Recall that Klinefelter’s Syndrome is characterized by an XXY sex chromosome karyotype. If we are talking about normal, sex-linked red-green color-blindness, then this is an X-linked mutation. So an affected male suffering from Klinefelter’s Syndrome would be “XC XC Y.” Since the father is phenotypically normal, we know that he must be “XW Y.” That means the mother MUST be “XW XC.” We know this because she is phenotypically normal, and msut therefore possess a normal X chromosome, but since her offspring has the disease, she must also possess a diseased X chromosome. Klinefelter’s disease arises during meiosis when chromosomal nondisjuction occurs. Non disjunction means that during the final split into sex cells (eggs or sperm) one cell gets more than one copy of a chromosome. During meiosis there is initially a round of DNA replication.

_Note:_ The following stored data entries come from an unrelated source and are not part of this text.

(* Let $p$ be a prime, $d\geq3$ odd, $n\geq2$, $q=p^f$ with $f\in\{1,2,\ldots\}\cup\{\infty\}$ (convention $p^\infty=0$, $f\geq2$ if $p=2$), and let $G=\langle x_1,\ldots,x_d\mid r_0\rangle$ be a one-relator pro-$p$ group (minimal presentation) with $r_0=x_1^q[x_1,{}_n\,x_2][x_2,x_3][x_4,x_5]\cdots[x_{d-1},x_d]\cdot s$, where $s\in S''$ and $S$ is the closed subgroup generated by $x_3,\ldots,x_d$. Then every defined $3$-fold Massey product in $H^\bullet(G,\mathbb{F}_p)$ vanishes if and only if $q\neq3$.
   Context: Commutators $[x,y]=x^{-1}y^{-1}xy$, $[y,{}_k x]$ left-normed; $H''$ is the closed commutator subgroup of $H'$. For $\psi_1,\ldots,\psi_m\in H^1(G,\mathbb{F}_p)=\mathrm{Hom}(G,\mathbb{F}_p)$, $\langle\psi_1,\ldots,\psi_m\rangle\subseteq H^2(G,\mathbb{F}_p)$ is the standard $m$-fold Massey product; it is defined if nonempty and vanishes if it contains $0$. Equivalently, with $\mathbb{U}_{m+1}$ the upper unitriangular $(m+1)\times(m+1)$ matrices over $\mathbb{F}_p$ and $Z$ its center: defined iff there is a continuous homomorphism $G\to\mathbb{U}_{m+1}/Z$ with $(i,i+1)$-entries $\psi_i$, and vanishing iff there is a continuous homomorphism $G\to\mathbb{U}_{m+1}$ with $(i,i+1)$-entries $\psi_i$. *)

From HB Require Import structures.
From mathcomp Require Import all_boot all_order all_algebra all_fingroup all_solvable.
Set Implicit Arguments. Unset Strict Implicit. Unset Printing Implicit Defensive.
Import GRing.Theory.
Local Open Scope group_scope.

(* Elements of the free pro-p group F on generators x_1..x_d (indexed by 'I_d,
   x_{k+1} <-> index k) are encoded, as usual, as natural families of
   "evaluations" into finite p-groups: an element w of F is the same thing as
   a rule assigning to every tuple g of elements of a finite group generating
   a p-group the value w(g) (the image of w under the unique continuous
   homomorphism F -> <<g>> sending x_i to g_i), compatibly with all group
   morphisms. *)
Record pword (p d : nat) := PWord {
  pw_ev : forall gT : finGroupType, ('I_d -> gT) -> gT;
  pw_nat : forall (gT hT : finGroupType) (D : {group gT})
             (f : {morphism D >-> hT}) (g : 'I_d -> gT),
      p.-group <<[set g i | i : 'I_d]>> -> (forall i, g i \in D) ->
      f (pw_ev g) = pw_ev (fun i => f (g i));
  (* implied by naturality (apply it to the inclusion of <<g>>); kept for
     convenience *)
  pw_mem : forall (gT : finGroupType) (g : 'I_d -> gT),
      p.-group <<[set g i | i : 'I_d]>> ->
      pw_ev g \in <<[set g i | i : 'I_d]>>
}.

(* s lies in S'', S the closed subgroup generated by x_3, ..., x_d:
   equivalently its image under every continuous morphism into a finite
   p-group lies in the second derived subgroup of the image of S. *)
Definition in_S2 (p d : nat) (s : pword p d) : Prop :=
  forall (gT : finGroupType) (g : 'I_d -> gT),
    p.-group <<[set g i | i : 'I_d]>> ->
    pw_ev s g \in (<<[set g i | i : 'I_d & 2 <= i]>>)^`(2).

(* access generator number k (0-based), 1 if out of range *)
Definition gat (d : nat) (gT : finGroupType) (g : 'I_d -> gT) (k : nat) : gT :=
  odflt 1%g (omap g (insub k)).

Definition iterc (gT : finGroupType) (y x : gT) (n : nat) : gT :=
  iter n (fun z => [~ z, x]%g) y.

(* evaluation of r_0 = x_1^q [x_1,_n x_2][x_2,x_3][x_4,x_5]...[x_{d-1},x_d] s *)
Definition relator (p d q n : nat) (s : pword p d)
    (gT : finGroupType) (g : 'I_d -> gT) : gT :=
  (gat g 0 ^+ q * iterc (gat g 0) (gat g 1) n
   * (\prod_(1 <= k < d./2.+1) [~ gat g k.*2.-1, gat g k.*2])
   * pw_ev s g)%g.

Definition unitri (p : nat) (u : {'GL_4['F_p]}) : bool :=
  [forall i : 'I_4, forall j : 'I_4,
     ((j < i)%N ==> (GLval u i j == 0%R)) && ((i == j) ==> (GLval u i j == 1%R))].

Definition U4 (p : nat) : {group {'GL_4['F_p]}} :=
  (<<[set u | unitri u]>>)%G.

At this point the mother’s oocyte (the cells that give rise to eggs) has two normal wild type X chromosomes (XW) and two mutated X chromosomes (XC). Meiosis should give rise to four haploid cells, but during the division one of the cells took BOTH copies of the XC chromosomes. So the egg had two copies of the XC chromosomes during fertilization, giving rise to a child with “XC XC Y” karyotype. This child would have both Klinefelter’s Syndrome and red-green colorblindness.